# Introduction to FreeBSD 12.1 and 12.2 youtube videos



## johnblue (Mar 21, 2021)

I wanted to share a couple of videos I found on youtube by DJ Ware about FreeBSD.

Most will find the infomation presented to be basic but you can just tell this dude is old school, knows what he is talking about and his commentary is what I found enjoyable.

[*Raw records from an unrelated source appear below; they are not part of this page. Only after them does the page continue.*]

Lemma closure_of_twin X W y a : closure r X y -> ~ X a ->
  is_module r W (set2 a y) -> (forall z, X z -> W z) -> closure r X a.
Proof.
  intros [nXy My] nXa Hay XW. split; [exact nXa|]. split; [members|].
  intros u u' v Hu Hu' Hv Hnv. assert (v = a) by members. subst v.
  destruct (proj2 Hay a y u) as [A B]; [members..|].
  destruct (proj2 Hay a y u') as [C D]; [members..|].
  destruct (proj2 My u u' y) as [E F]; [members..|].
  split.
  - apply rel_trans with u y; [members..|exact B|].
    apply rel_trans with u' y; [members..|exact E|apply rel_sym; [members..|exact D]].
  - apply rel_trans with y u; [members..|exact A|].
    apply rel_trans with y u'; [members..|exact F|apply rel_sym; [members..|exact C]].
Qed.

Lemma Xalpha_pair_not_prime X alpha x w : is_prime r X -> X alpha ->
  Xalpha r X alpha x -> Xalpha r X alpha w -> ~ is_prime r (setU X (set2 x w)).
Proof.
  intros HX Ha [nXx Mx] [nXw Mw] HP.
  destruct (prime_avoid2 alpha alpha HX) as [c [Hc [nca _]]].
  enough (set3 alpha x w c) by members.
  apply (prime_module_full (M := set3 alpha x w) (a := alpha) (b := x) HP);
    [|members..].
  apply (module_of_pivot (p := alpha)); [members..|].
  intros u v Hu Hv Hnv. assert (X v /\ v <> alpha) as [Xv nva] by members.
  destruct Hu as [Hu|[Hu|Hu]]; subst u.
  - split; apply rel_refl; members.
  - apply (proj2 Mx); members.
  - apply (proj2 Mw); members.
Qed.

Lemma Xalpha_of_twin X W alpha y a : Xalpha r X alpha y -> X alpha ->
  is_module r W (set2 a y) -> (forall z, X z -> W z) ->
  is_module r (setU X (set1 a)) (set2 alpha a).
Proof.
  intros [nXy My] Ha Hay XW.
  apply (module_of_pivot (p := alpha)); [members..|].
  intros u v Hu Hv Hnv. assert (X v /\ v <> alpha /\ v <> a) as (Xv & nva & nv) by members.
  destruct Hu; subst u.
  - split; apply rel_refl; members.
  - destruct (proj2 Hay a y v) as [A B]; [members..|].
    destruct (proj2 My y alpha v) as [C D]; [members..|].
    split.
    + apply rel_trans with y v; [members..|exact A|exact C].
    + apply rel_trans with v y; [members..|exact B|exact D].
Qed.

Section OutsideGraph.
Variables (X : T -> Prop) (e f : T * T -> Prop).
Hypotheses (HX : is_prime r X) (HS3 : S3 r X) (Hiso : no_isolated_vertex r X).
Hypotheses (He : is_class r e) (Hf : is_class r f) (Hef : ~ (forall p, e p <-> f p)).

Lemma cross_of_twin W x y a : e (x, a) -> f (a, x) -> W x -> x <> a -> x <> y ->
  is_module r W (set2 a y) -> e (x, y) /\ f (y, x).
Proof.
  intros Ea Fa Wx nxa nxy Hay.
  destruct (proj2 Hay y a x) as [A B]; [members..|].
  split; [apply class_closed with x a|apply class_closed with a x]; auto.
Qed.

Lemma outside_edge_extension_cases alpha x y w : X alpha -> ~ X y ->
  e (x, alpha) -> e (alpha, y) -> f (y, alpha) -> outside_edge r X x w ->
  x <> y -> y <> w ->
  e (x, y) /\ f (y, x) \/
  (exists a, X a /\ is_module r (setU X (set3 x y w)) (set2 a y)) \/
  is_module r (setU X (set3 x y w)) (set2 w y).
Proof.
  intros Ha nXy Exa Eay Fya (nxw & nXx & nXw & Pw) nxy nyw.
  assert (nW : ~ is_prime r (setU X (set3 x y w))).
  { intro Hp. apply HS3. exists x, y, w. auto 10. }
  destruct (prime_extension_cases (W := setU X (set3 x y w)) (y := y) Pw)
    as [HM|[a [[Xa|[ -> | -> ]] HM]]]; [members|members|exact nW| | | |].
  - left. destruct (proj2 HM x alpha y) as [A B]; [members..|].
    split; [apply class_closed with alpha y|apply class_closed with y alpha]; members.
  - right; left; eauto.
  - exfalso. destruct (proj2 HM y x alpha) as [A _]; [members..|].
    apply (classes_disjoint He Hf Hef (a := y) (b := alpha)); auto.
    apply class_closed with x alpha; members.
  - right; right; exact HM.
Qed.

Lemma closure_ef_cross x y : closure_ef r X e f x -> closure_ef r X f e y ->
  e (x, y) /\ f (y, x).
Proof.
  intros [Cx EFx] [Cy FEy].
  assert (nXx := proj1 Cx); assert (nXy := proj1 Cy).
  destruct (proj1 HX) as (alpha & _ & _ & Ha & _).
  destruct (Hiso nXx) as [w Hw]; pose proof Hw as (_ & _ & nXw & Pw).
  assert (nyw : y <> w) by (intro; subst; exact (closure_pair_not_prime HX Cx Cy Pw)).
  destruct (EFx alpha Ha) as [Exa _], (FEy alpha Ha) as [Fya Eay].
  assert (nxy : x <> y) by (intro; subst; exact (classes_disjoint He Hf Hef Exa Fya)).
  destruct (outside_edge_extension_cases Ha nXy Exa Eay Fya Hw nxy nyw)
    as [|[[a [Xa Hay]]|Hwy]]; auto.
  - destruct (EFx a Xa) as [Exa' Fax].
    apply (cross_of_twin (W := setU X (set3 x y w)) (a := a)); members.
  - exfalso. apply (closure_pair_not_prime HX Cx (w := w)); [|exact Pw].
    apply (closure_of_twin (W := setU X (set3 x y w)) Cy); members.
Qed.

Lemma Xalpha_ef_cross alpha x y : X alpha ->
  Xalpha_ef r X e f alpha x -> Xalpha_ef r X f e alpha y -> e (x, y) /\ f (y, x).
Proof.
  intros Ha [Ax [Exa Fax]] [Ay [Fya Eay]].
  assert (nXx := proj1 Ax); assert (nXy := proj1 Ay).
  destruct (Hiso nXx) as [w Hw]; pose proof Hw as (_ & _ & nXw & Pw).
  assert (nyw : y <> w) by (intro; subst; exact (Xalpha_pair_not_prime HX Ha Ax Ay Pw)).
  assert (nxy : x <> y) by (intro; subst; exact (classes_disjoint He Hf Hef Exa Fya)).
  destruct (outside_edge_extension_cases Ha nXy Exa Eay Fya Hw nxy nyw)
    as [|[[a [Xa Hay]]|Hwy]]; auto.
  - destruct (classic (a = alpha)) as [->|naa].
    + apply (cross_of_twin (W := setU X (set3 x y w)) (a := alpha)); members.
    + exfalso. destruct (prime_avoid2 alpha a HX) as [c [Hc [nca nc]]].
      enough (set2 alpha a c /\ X c) by members.
      apply (prime_module_full (M := fun z => set2 alpha a z /\ X z)
        (a := alpha) (b := a) HX); [|members..].
      apply (module_restrict (W := setU X (set1 a))); [|members].
      apply (Xalpha_of_twin (W := setU X (set3 x y w)) Ay); members.
  - exfalso. apply (Xalpha_pair_not_prime HX Ha Ax (w := w)); [|exact Pw].
    split; [members|].
    apply (Xalpha_of_twin (W := setU X (set3 x y w)) Ay); members.
Qed.

End OutsideGraph.
End TwoStructure.

Theorem lemma3p7 (T : Type) (r : T * T -> T * T -> Prop) (X : T -> Prop)
  (e f : T * T -> Prop) (alpha : T) :
  is_2structure r ->
  (exists v, ~ X v) ->
  is_prime r X ->
  S3 r X ->
  is_class r e -> is_class r f ->
  ~ (forall p, e p <-> f p) ->
  X alpha ->
  no_isolated_vertex r X ->
  ((exists v, closure_ef r X e f v) -> (exists v, closure_ef r X f e v) ->
     forall x y, closure_ef r X e f x -> closure_ef r X f e y ->
       e (x, y) /\ f (y, x)) /\
  ((exists v, Xalpha_ef r X e f alpha v) -> (exists v, Xalpha_ef r X f e alpha v) ->
     forall x y, Xalpha_ef r X e f alpha x -> Xalpha_ef r X f e alpha y ->
       e (x, y) /\ f (y, x)).
Proof.
  intros H2 _ HX HS3 He Hf Hef Ha Hiso. split; intros _ _ x y.
  - exact (closure_ef_cross H2 HX HS3 Hiso He Hf Hef (x := x) (y := y)).
  - exact (Xalpha_ef_cross H2 HX HS3 Hiso He Hf Hef Ha (x := x) (y := y)).
Qed.
(* Let $(E,\mathscr{T},\le)$ be a $T_2$-preordered Tychonoff space such that, with $\mathcal{F}$ the family of continuous isotone functions $f:E\to[0,1]$, $G(\le)=\bigcap_{f\in\mathcal{F}}G_f$. Let $(\beta E,\mathscr{T}_\beta,\le_\beta)$ be the Stone–Čech compactification $\beta:E\to\beta E$ endowed with the preorder $G(\le_\beta)=\bigcap_{f\in\mathcal{F}}G_{\tilde f}$, where $\tilde f:\beta E\to[0,1]$ is the unique continuous extension of $f\circ\beta^{-1}$. Let $c:E\to cE$ be a Hausdorff $T_2$-preorder compactification $(cE,\mathscr{T}_c,\le_c)$ such that (a) every continuous function $f:E\to[0,1]$ can be extended to a continuous function on $cE$ (i.e. $f\circ c^{-1}$ extends), and (b) every continuous isotone function $f:E\to[0,1]$ can be extended to a continuous isotone function on $(cE,\le_c)$. Then $c$ is equivalent to $\beta:E\to(\beta E,\mathscr{T}_\beta,\le_\beta)$.
   Context: A topological preordered space is $(E,\mathscr{T},\le)$ with $\le$ a preorder; it is $T_2$-preordered if $G(\le)=\{(x,y):x\le y\}$ is closed in $E\times E$. Isotone: $x\le y\Rightarrow f(x)\le f(y)$. $G_f=\{(x,y):f(x)\le f(y)\}$. A preorder compactification is a preorder embedding (continuous isotone injective map which is a homeomorphism onto its image with isotone inverse for the induced preorder) $c:E\to cE$ into a compact topological preordered space with dense image; Hausdorff $T_2$-preorder compactification: additionally $cE$ Hausdorff and $\le_c$ closed. $c_1\le c_2$ means there is a continuous isotone $C:c_2E\to c_1E$ with $C\circ c_2=c_1$; equivalent means $c_1\le c_2$ and $c_2\le c_1$. *)

From HB Require Import structures.
From mathcomp Require Import all_boot all_order all_algebra.
From mathcomp Require Import all_classical all_reals.
From mathcomp Require Import topology normedtype.
Set Implicit Arguments. Unset Strict Implicit. Unset Printing Implicit Defensive.
Import Order.TTheory GRing.Theory Num.Theory.
Import numFieldNormedType.Exports.
Local Open Scope classical_set_scope.
Local Open Scope ring_scope.

Definition unit_valued {R : realType} {T : Type} (f : T -> R) : Prop :=
  forall x, 0 <= f x <= 1.

Definition tychonoff_space (R : realType) (T : topologicalType) : Prop :=
  hausdorff_space T /\
  forall (x : T) (B : set T), closed B -> ~ B x ->
    exists f : T -> R, [/\ continuous f, unit_valued f, f x = 0 &
                          forall y, B y -> f y = 1].

Definition preorder_rel {T : Type} (le : T -> T -> Prop) : Prop :=
  (forall x, le x x) /\ (forall x y z, le x y -> le y z -> le x z).

Definition closed_preorder {T : topologicalType} (le : T -> T -> Prop) : Prop :=
  closed [set p : T * T | le p.1 p.2].

Definition isotone {T U : Type} (leT : T -> T -> Prop) (leU : U -> U -> Prop)
  (f : T -> U) : Prop := forall x y, leT x y -> leU (f x) (f y).

Definition cont_isotone_unit (R : realType) {E : topologicalType}
  (le : E -> E -> Prop) (f : E -> R) : Prop :=
  [/\ continuous f, unit_valued f & isotone le (fun a b : R => a <= b) f].

Definition top_embedding {T U : topologicalType} (c : T -> U) : Prop :=
  [/\ continuous c, injective c &
      forall A : set T, open A ->
        exists V : set U, open V /\ c @` A = V `&` range c].

Definition preorder_embedding {T U : topologicalType}
  (leT : T -> T -> Prop) (leU : U -> U -> Prop) (c : T -> U) : Prop :=
  top_embedding c /\ forall x y, leT x y <-> leU (c x) (c y).

Definition hausdorff_T2_preorder_compactification {E cE : topologicalType}
  (le : E -> E -> Prop) (lec : cE -> cE -> Prop) (c : E -> cE) : Prop :=
  [/\ compact [set: cE], hausdorff_space cE, preorder_rel lec,
      closed_preorder lec & preorder_embedding le lec c /\ dense (range c)].

Definition stone_cech {E bE : topologicalType} (b : E -> bE) : Prop :=
  [/\ compact [set: bE], hausdorff_space bE, top_embedding b, dense (range b) &
      forall (K : topologicalType) (g : E -> K),
        compact [set: K] -> hausdorff_space K -> continuous g ->
        exists h : bE -> K, continuous h /\ forall x, h (b x) = g x].

(* The preorder on bE:  u <=_b v  iff  for every f in F, f~ u <= f~ v, where
   f~ is the (unique, by density and Hausdorffness of R) continuous extension
   of f o b^-1 to bE. *)
Definition le_beta (R : realType) {E bE : topologicalType}
  (le : E -> E -> Prop) (b : E -> bE) (u v : bE) : Prop :=
  forall f : E -> R, cont_isotone_unit le f ->
  forall g : bE -> R, continuous g -> (forall x, g (b x) = f x) -> g u <= g v.

Definition compactification_le {E c1E c2E : topologicalType}
  (le1 : c1E -> c1E -> Prop) (le2 : c2E -> c2E -> Prop)
  (c1 : E -> c1E) (c2 : E -> c2E) : Prop :=
  exists C : c2E -> c1E, [/\ continuous C, isotone le2 le1 C &
                            forall x, C (c2 x) = c1 x].

Definition compactification_equiv {E c1E c2E : topologicalType}
  (le1 : c1E -> c1E -> Prop) (le2 : c2E -> c2E -> Prop)
  (c1 : E -> c1E) (c2 : E -> c2E) : Prop :=
  compactification_le le1 le2 c1 c2 /\ compactification_le le2 le1 c2 c1.

From HB Require Import structures.
From mathcomp Require Import all_boot all_order all_algebra.
From mathcomp Require Import all_classical all_reals.
From mathcomp Require Import topology normedtype.
From mathcomp Require Import lra.
Import Order.TTheory GRing.Theory Num.Theory.
Import numFieldNormedType.Exports.
Set Implicit Arguments. Unset Strict Implicit. Unset Printing Implicit Defensive.
Local Open Scope classical_set_scope.
Local Open Scope ring_scope.

(* By the universal property of the Stone-Cech compactification, c extends to
   a continuous h : bE -> cE; h is onto since its image is compact and dense,
   and one-to-one by (a): points of bE separated by a continuous function
   remain separated after that function is pushed to cE and pulled back along
   h.  Being a continuous bijection from a compact space onto a Hausdorff one,
   h is a homeomorphism.  It is isotone because, by Nachbin's theorem, u <=_c v
   fails only if some continuous isotone g : cE -> [0,1] has g v < g u, and
   g o c lies in F with extension g o h.  Its inverse is isotone by (b): every
   extension f~ equals g o h for an isotone g.  Nachbin's theorem itself is the
   isotone version of Urysohn's lemma, built from a dyadic family of decreasing
   open and closed sets in the compact T2-preordered space. *)

Section Dyadic.
Variable R : realType.

Definition dyadic (n k : nat) : R := k%:R / (2 ^ n)%:R.

Lemma dyadic_ge0 n k : 0 <= dyadic n k.
Proof. by rewrite /dyadic divr_ge0 // ler0n. Qed.

Lemma dyadic_le1E n k : (dyadic n k <= 1) = (k <= 2 ^ n)%N.
Proof. by rewrite /dyadic ler_pdivrMr ?ltr0n ?expn_gt0 // mul1r ler_nat. Qed.

Lemma dyadic_ltE n k m j : (dyadic n k < dyadic m j) = (k * 2 ^ m < j * 2 ^ n)%N.
Proof.
rewrite /dyadic ltr_pdivrMr ?ltr0n ?expn_gt0 // mulrAC.
by rewrite ltr_pdivlMr ?ltr0n ?expn_gt0 // -!natrM ltr_nat.
Qed.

_View: https://www.youtube.com/watch?v=l4WXHdB_-98_






_View: https://www.youtube.com/watch?v=i6T4ytFu61M_


The videos for docker on apline linux are also good ..


----------



## PMc (Mar 21, 2021)

@4:09 said:
			
		

> FreeBSD 12.2 What's new[...]
> i386 CPUTYPE is being replaced with 486/686 in Release 13.0
> similar to what *other Linux distros* have been doing


----------



## zirias@ (Mar 21, 2021)

Oh, so much for knowing what he's talking about then


----------



## PMc (Mar 21, 2021)

Zirias said:


> Oh, so much for knowing what he's talking about then


Waht do you expect from a YT influencer?


----------



## johnblue (Mar 22, 2021)

So it looks like you edited your initial response.  Here is what was emailed to me:






TIL:  any empirical statement can make someone a youtube influencer.

lol.


----------



## PMc (Mar 22, 2021)

johnblue said:


> So it looks like you edited your initial response.  Here is what was emailed to me:


Yes absolutely. It occasionally happens that I recognize I went over-the-top and got offensive.
And then I remove that.


----------



## johnblue (Mar 23, 2021)

PMc said:


> Yes absolutely. It occasionally happens that I recognize I went over-the-top and got offensive.
> And then I remove that.



Respect.


----------